Director: Kishor B
Cast: Sharwanand, Priyanka Arul Mohan
Sreekaram is one of those films where a messiah from a city comes to the village and solves the issues of farmers. Karthik (Sharwanand) is the messiah here. The first time we see him is when he comes back home to his village on a bus. He is sitting on its top and enjoying the view, because he is here for four days of fun and relaxation with his friends and family. The theme of the film is that when doctors' children become doctors and the children of CAs become CAs, children of farmers become people like Karthik who go away to cities for work and come back to their villages only for festivals and funerals.
Sreekaram reminded me of Swades, for obvious reasons: an NRI, played by Shah Rukh Khan, was the messiah.
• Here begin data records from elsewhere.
(* [u0'] is continuous because [p u0'] is differentiable and [p] is continuous and nonzero. *)
Lemma C1_on_u0 : C1_on a b u0.
Proof.
  split; [exact Hu0_deriv |].
  assert (Hpu0 : cont_on a b (fun t => p t * Dab a b u0 t)).
  { intros x Hx. destruct (Hpu0_deriv x Hx) as [l Hl]. exact (is_deriv_on_cont _ _ _ _ _ Hl). }
  apply (cont_on_ext _ _ (fun t => (p t * Dab a b u0 t) * / p t)).
  - intros t Ht. field. apply Hp0, Ht.
  - apply cont_on_mult; [exact Hpu0 | apply cont_on_inv; [exact Hp0 | exact Hp]].
Qed.

Lemma cont_on_inv_pu0sq : cont_on a b (fun t => / (p t * u0 t ^ 2)).
Proof.
  pose proof (C1_on_cont _ _ _ C1_on_u0) as Hu0c.
  apply cont_on_inv.
  - intros t Ht. apply Rmult_integral_contrapositive. split; [apply Hp0, Ht | apply pow_nonzero, Hu0, Ht].
  - apply cont_on_mult; [exact Hp |]. simpl.
    apply cont_on_mult; [exact Hu0c | apply cont_on_mult; [exact Hu0c | apply cont_on_const]].
Qed.

(* With [X = c * RInt (S / (p u0^2))] one has [p (u0 X)' = p u0' X + c S / u0]; differentiating
   and using [(p u0')' = - q u0] leaves only [c S' / u0]. *)
Lemma Lop_u0_mul_RInt c S x : C1_on a b S -> a <= x <= b ->
  Lop a b p q (fun t => u0 t * (c * RInt (fun t => / (p t * u0 t ^ 2) * S t) x0 t)) x
  = c * Dab a b S x / u0 x.
Proof.
  intros HS Hx.
  set (w := fun t => / (p t * u0 t ^ 2) * S t).
  set (X := fun y => c * RInt w x0 y).
  set (P := fun t => p t * Dab a b u0 t).
  assert (HX : forall t, a <= t <= b -> is_deriv_on a b X t (0 * RInt w x0 t + c * w t)).
  { intros t Ht. apply is_deriv_on_mult; [apply is_deriv_on_const | apply is_deriv_on_RInt; auto].
    apply cont_on_mult; [exact cont_on_inv_pu0sq | apply C1_on_cont, HS]. }
  assert (Hflux : forall t, a <= t <= b ->
    p t * Dab a b (fun t => u0 t * X t) t = P t * X t + c * S t * / u0 t).
  { intros t Ht.
    rewrite (Dab_unique _ _ _ _ _ Hab Ht (is_deriv_on_mult _ _ _ _ _ _ _
               (C1_on_is_deriv _ _ _ _ Hab C1_on_u0 Ht) (HX t Ht))).
    unfold P, w. field. split; [apply Hu0 | apply Hp0]; exact Ht. }
  destruct (Hpu0_deriv x Hx) as [lP HlP]. fold P in HlP.
  assert (HlP' : lP = - (q x * u0 x)).
  { pose proof (HLu0 x Hx) as HL. unfold Lop in HL. fold P in HL.
    rewrite (Dab_unique _ _ _ _ _ Hab Hx HlP) in HL. lra. }
  assert (Hderiv : is_deriv_on a b (fun t => P t * X t + c * S t * / u0 t) x
    (lP * X x + P x * (0 * RInt w x0 x + c * w x)
     + ((0 * S x + c * Dab a b S x) * / u0 x
        + c * S x * (- Dab a b u0 x / (u0 x * u0 x))))).
  { apply is_deriv_on_plus; [apply is_deriv_on_mult; [exact HlP | apply HX, Hx] |].
    apply (is_deriv_on_mult a b (fun t => c * S t) (fun t => / u0 t)).
    - apply (is_deriv_on_mult a b (fun _ => c) S); [apply is_deriv_on_const |].
      apply C1_on_is_deriv; auto.
    - apply is_deriv_on_inv; auto. apply C1_on_is_deriv; auto. apply C1_on_u0. }
  apply (is_deriv_on_ext _ _ _ _ _ _ Hx (fun t Ht => eq_sym (Hflux t Ht))) in Hderiv.
  change (Dab a b (fun t => p t * Dab a b (fun t => u0 t * X t) t) x + q x * (u0 x * X x)
          = c * Dab a b S x / u0 x).
  rewrite (Dab_unique _ _ _ _ _ Hab Hx Hderiv), HlP'.
  unfold P, w. field. split; [apply Hu0 | apply Hp0]; exact Hx.
Qed.

Lemma Lop_u0_mul_RInt_sumR d c c' (F : nat -> R -> R) (G : nat -> R) x : a <= x <= b ->
  (forall i, (i < d)%nat -> C1_on a b (F i)) ->
  (forall i, (i < d)%nat -> Dab a b (F i) x = c' * (u0 x * G i)) ->
  Lop a b p q (fun t => u0 t *
      (c * RInt (fun t => / (p t * u0 t ^ 2) * sumR d (fun i => F i t)) x0 t)) x
  = c * c' * sumR d G.
Proof.
  intros Hx HF HdF.
  rewrite Lop_u0_mul_RInt by (auto; apply C1_on_sumR; auto).
  rewrite (Dab_unique _ _ _ _ _ Hab Hx (is_deriv_on_sumR _ _ _ _ _ _
             (fun i Hi => C1_on_is_deriv _ _ _ _ Hab (HF i Hi) Hx))).
  rewrite (sumR_ext _ _ (fun i => (c' * u0 x) * G i)) by (intros i Hi; rewrite HdF by exact Hi; ring).
  rewrite sumR_scal. field. apply Hu0, Hx.
Qed.

End ReducedOperator.

Definition even_mi (n : nat -> nat) : mi := fun k => (2 * Z.of_nat (n k))%Z.

Lemma delta_0_or_1 i k : delta i k = 0%Z \/ delta i k = 1%Z.
Proof. unfold delta. destruct (Nat.eqb k i); auto. Qed.

Lemma delta_eq_1 i k : delta i k = 1%Z <-> k = i.
Proof.
  unfold delta. destruct (Nat.eqb_spec k i) as [-> | Hki]; split; congruence.
Qed.

Lemma delta_diag i : delta i i = 1%Z.
Proof. apply delta_eq_1. reflexivity. Qed.

Lemma has_neg_spec d m : has_neg d m = true <-> exists k, (k < d)%nat /\ (m k < 0)%Z.
Proof.
  unfold has_neg. rewrite existsb_exists.
  split; intros [k [Hk Hm]]; exists k; rewrite in_seq, Z.ltb_lt in *; split; auto; lia.
Qed.

Lemma has_neg_nonneg d m : (forall k, (k < d)%nat -> (0 <= m k)%Z) -> has_neg d m = false.
Proof.
  intros Hm. apply not_true_iff_false. rewrite has_neg_spec.
  intros [k [Hk Hmk]]. specialize (Hm k Hk). lia.
Qed.

Lemma has_neg_sub_nonpos d m i : (i < d)%nat -> (m i <= 0)%Z -> has_neg d (mi_sub m i) = true.
Proof.
  intros Hi Hmi. apply has_neg_spec. exists i. split; [exact Hi |].
  unfold mi_sub. rewrite delta_diag. lia.
Qed.

Lemma is_neg_delta_spec d m : is_neg_delta d m = true <->
  exists i, (i < d)%nat /\ forall k, (k < d)%nat -> m k = (- delta i k)%Z.
Proof.
  unfold is_neg_delta. rewrite existsb_exists.
  split; intros [i [Hi H]]; exists i; rewrite in_seq in *; split; try lia.
  - intros k Hk. rewrite forallb_forall in H. apply Z.eqb_eq, H, in_seq. lia.
  - apply forallb_forall. intros k Hk. apply in_seq in Hk. apply Z.eqb_eq, H. lia.
Qed.

Lemma is_neg_delta_witness d m k : (k < d)%nat -> (0 < m k \/ m k < -1)%Z ->
  is_neg_delta d m = false.
Proof.
  intros Hk Hmk. apply not_true_iff_false. rewrite is_neg_delta_spec.
  intros [i [_ H]]. specialize (H k Hk). destruct (delta_0_or_1 i k) as [E | E]; lia.
Qed.

Lemma filter_length_le_1 (P : nat -> bool) i l : NoDup l ->
  (forall k, In k l -> P k = true -> k = i) -> (length (filter P l) <= 1)%nat.
Proof.
  induction l as [| x l IH]; intros Hnd HP; simpl; [lia |].
  inversion Hnd as [| ? ? Hx Hnd']; subst.
  destruct (P x) eqn:Px; [| apply IH; auto; intros; apply HP; simpl; auto].
  assert (x = i) as -> by (apply HP; simpl; auto).
  destruct (filter P l) as [| y l'] eqn:E; simpl; [lia |].
  assert (Hy : In y (filter P l)) by (rewrite E; left; reflexivity).
  apply filter_In in Hy as [Hy Py].
  assert (y = i) as -> by (apply HP; simpl; auto). contradiction.
Qed.

Lemma admissible_unique_odd d m i : (forall k, (k < d)%nat -> Z.odd (m k) = true -> k = i) ->
  admissible d m = true.
Proof.
  intros Hodd. apply Nat.leb_le, (filter_length_le_1 _ i); [apply seq_NoDup |].
  intros k Hk. apply in_seq in Hk. apply Hodd. lia.
Qed.

Lemma find_unique (P : nat -> bool) i l : (forall k, In k l -> P k = true <-> k = i) -> In i l ->
  find P l = Some i.
Proof.
  induction l as [| x l IH]; intros HP Hi; [destruct Hi |]; simpl.
  destruct (P x) eqn:Px; [f_equal; apply (HP x); simpl; auto |].
  apply IH; [intros; apply HP; simpl; auto |].
  destruct Hi as [-> | Hi]; [| exact Hi].
  assert (P i = true) by (apply HP; simpl; auto). congruence.
Qed.

Lemma odd_idx_unique_odd d m i : (i < d)%nat ->
  (forall k, (k < d)%nat -> Z.odd (m k) = true <-> k = i) -> odd_idx d m = i.
Proof.
  intros Hi Hodd. unfold odd_idx. rewrite (find_unique _ i); [reflexivity | | apply in_seq; lia].
  intros k Hk. apply in_seq in Hk. apply Hodd. lia.
Qed.

Lemma odd_idx_lt d m : (1 <= d)%nat -> (odd_idx d m < d)%nat.
Proof.
  intros Hd. unfold odd_idx. destruct (find _ _) eqn:E; [| lia].
  apply find_some in E as [E _]. apply in_seq in E. lia.
Qed.

Lemma sumZ_delta i L :
  fold_right Z.add 0%Z (map (delta i) L) = Z.of_nat (count_occ Nat.eq_dec L i).
Proof.
  induction L as [| k L IH]; [reflexivity |]. simpl. rewrite IH. unfold delta.
  destruct (Nat.eqb_spec k i), (Nat.eq_dec k i); try contradiction; lia.
Qed.

Lemma mi_abs_sub d m i : (i < d)%nat -> mi_abs d (mi_sub m i) = (mi_abs d m - 1)%Z.
Proof.
  intros Hi.
  assert (Hcount : count_occ Nat.eq_dec (seq 0 d) i = 1%nat)
    by (apply NoDup_count_occ'; [apply seq_NoDup | apply in_seq; lia]).
  assert (Hsum : fold_right Z.add 0%Z (map (delta i) (seq 0 d)) = 1%Z)
    by (rewrite sumZ_delta, Hcount; reflexivity).
  unfold mi_abs, mi_sub. rewrite <- Hsum. clear.
  induction (seq 0 d) as [| k L IH]; simpl; lia.
Qed.

Lemma mi_abs_even d n : mi_abs d (even_mi n) = (2 * Z.of_nat (nabs d n))%Z.
Proof.
  unfold mi_abs, nabs, even_mi. induction (seq 0 d) as [| k L IH]; cbn [map fold_right]; lia.
Qed.

Lemma nabs_zero d n : nabs d n = 0%nat -> forall k, (k < d)%nat -> n k = 0%nat.
Proof.
  unfold nabs. intros H k Hk. assert (Hin : In k (seq 0 d)) by (apply in_seq; lia).
  induction (seq 0 d) as [| j L IH]; simpl in *; [contradiction |].
  destruct Hin as [-> | Hin]; [lia | apply IH; auto; lia].
Qed.

Lemma nabs_pos d n M : nabs d n = S M -> exists k, (k < d)%nat /\ n k <> 0%nat.
Proof.
  unfold nabs. intros H.
  assert (HL : forall L, fold_right Nat.add 0%nat (map n L) = S M -> exists k, In k L /\ n k <> 0%nat).
  { induction L as [| j L IH]; simpl; intros E; [discriminate |].
    destruct (n j) eqn:Ej; [apply IH in E as [k [Hk Hn]]; eauto | exists j; split; auto; lia]. }
  destruct (HL _ H) as [k [Hk Hn]]. apply in_seq in Hk. exists k. split; [lia | exact Hn].
Qed.

Lemma even_mi_sub_sub n i :
  (fun k => (2 * Z.of_nat (n k) - 2 * delta i k)%Z) = mi_sub (mi_sub (even_mi n) i) i.
Proof. apply functional_extensionality. intros k. unfold mi_sub, even_mi. lia. Qed.

Lemma has_neg_even d n : has_neg d (even_mi n) = false.
Proof. apply has_neg_nonneg. intros k _. unfold even_mi. lia. Qed.

Lemma admissible_even d n : admissible d (even_mi n) = true.
Proof.
  apply (admissible_unique_odd _ _ 0). intros k _ Hk.
  unfold even_mi in Hk. rewrite Z.odd_mul in Hk. discriminate.
Qed.

Lemma is_neg_delta_all_even d m : (forall k, (k < d)%nat -> Z.even (m k) = true) ->
  is_neg_delta d m = false.
Proof.
  intros Hm. apply not_true_iff_false. rewrite is_neg_delta_spec. intros [i [Hi H]].
  specialize (Hm i Hi). rewrite (H i Hi), delta_diag in Hm. discriminate.
Qed.

Lemma is_neg_delta_even d n : is_neg_delta d (even_mi n) = false.
Proof.
  apply is_neg_delta_all_even. intros k _. unfold even_mi. rewrite Z.even_mul. reflexivity.
Qed.

Lemma is_neg_delta_sub_sub_even d n i : is_neg_delta d (mi_sub (mi_sub (even_mi n) i) i) = false.
Proof.
  apply is_neg_delta_all_even. intros k _. unfold mi_sub, even_mi.
  replace (2 * Z.of_nat (n k) - delta i k - delta i k)%Z with (2 * (Z.of_nat (n k) - delta i k))%Z
    by lia.
  rewrite Z.even_mul. reflexivity.
Qed.

Lemma odd_sub_even n i k : Z.odd (mi_sub (even_mi n) i k) = true <-> k = i.
Proof.
  unfold mi_sub, even_mi. rewrite <- delta_eq_1.
  destruct (delta_0_or_1 i k) as [-> | ->]; rewrite ?Z.sub_0_r, ?Z.odd_sub, Z.odd_mul; simpl;
    split; congruence.
Qed.

Lemma admissible_sub_even d n i : admissible d (mi_sub (even_mi n) i) = true.
Proof. apply (admissible_unique_odd _ _ i). intros k _. apply odd_sub_even. Qed.

Lemma odd_idx_sub_even d n i : (i < d)%nat -> odd_idx d (mi_sub (even_mi n) i) = i.
Proof. intros Hi. apply odd_idx_unique_odd; [exact Hi |]. intros k _. apply odd_sub_even. Qed.

Lemma has_neg_sub_even d n i : n i <> 0%nat -> has_neg d (mi_sub (even_mi n) i) = false.
Proof.
  intros Hni. apply has_neg_nonneg. intros k _. unfold mi_sub, even_mi.
  destruct (delta_0_or_1 i k) as [E | E]; [lia |].
  apply delta_eq_1 in E as ->. rewrite delta_diag. lia.
Qed.

Lemma is_neg_delta_sub_even_zero d n i : nabs d n = 0%nat -> (i < d)%nat ->
  is_neg_delta d (mi_sub (even_mi n) i) = true.
Proof.
  intros HN Hi. apply is_neg_delta_spec. exists i. split; [exact Hi |].
  intros k Hk. unfold mi_sub, even_mi. rewrite (nabs_zero d n HN k Hk). lia.
Qed.

Lemma Xt_aux_has_neg a b x0 p u0 r s d k j : has_neg d j = true ->
  Xt_aux a b x0 p u0 r s d k j = fun _ => 0.
Proof. intros Hj. destruct k; simpl; rewrite Hj; reflexivity. Qed.

Lemma X_aux_has_neg a b x0 p u0 r s d k m : is_neg_delta d m = false -> has_neg d m = true ->
  X_aux a b x0 p u0 r s d k m = fun _ => 0.
Proof. intros Hm Hm'. destruct k; simpl; rewrite Hm, Hm'; reflexivity. Qed.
But his character development was incremental in Swades, starting with skepticism at first before being moved by what he sees. He uses techniques he has learnt at NASA to help his village. I would have liked it if Karthik had gone to study agriculture. Or even if he had gone abroad, I would have liked him to have achieved something there and come back with a lot of knowledge.
But Karthik turns out to be a superman right from the beginning. He completes projects that his boss gives him in five minutes. When his boss is about to fire a friend he manages to convince the boss by lecturing him that the friend had legitimate reasons for doing what he did. He becomes employee of the year and the manager of a US branch (or something like that). He only needs to give an evil money lender in his village one lecture before he turns into a good man. With such a character at the center — a superman — there is no drama or suspense in a film. Karthik is such a good-hearted person with no doubts at all.
But Swades, even with its melodrama, is a relatively more realistic film. A movie like that cannot be made in mainstream industries like Tamil and Telugu. But at the other extreme, Sreekaram is a basic, generic melodrama with a layer of 'farming' on top. The villain is one-dimensional and the silly heroine is one-dimensional too. The songs and fights add absolutely nothing.
We get unconvincing developments like Karthik's colleagues leaving their jobs and coming to help him farm in his village. He gives one lecture to a college and everyone is convinced that farming is a great career option. There's a big leap from thinking about these things and implementing them. The film never makes the leap convincingly.
What we are left with is this broad, generic melodrama that says a superman can achieve anything. But towards the end, we are shown a whole bunch of people who did in reality exactly what Karthik is supposed to have done in the film. I am sure most of their journeys were filled with difficulty and self-doubt, and would have made a far better film than this one.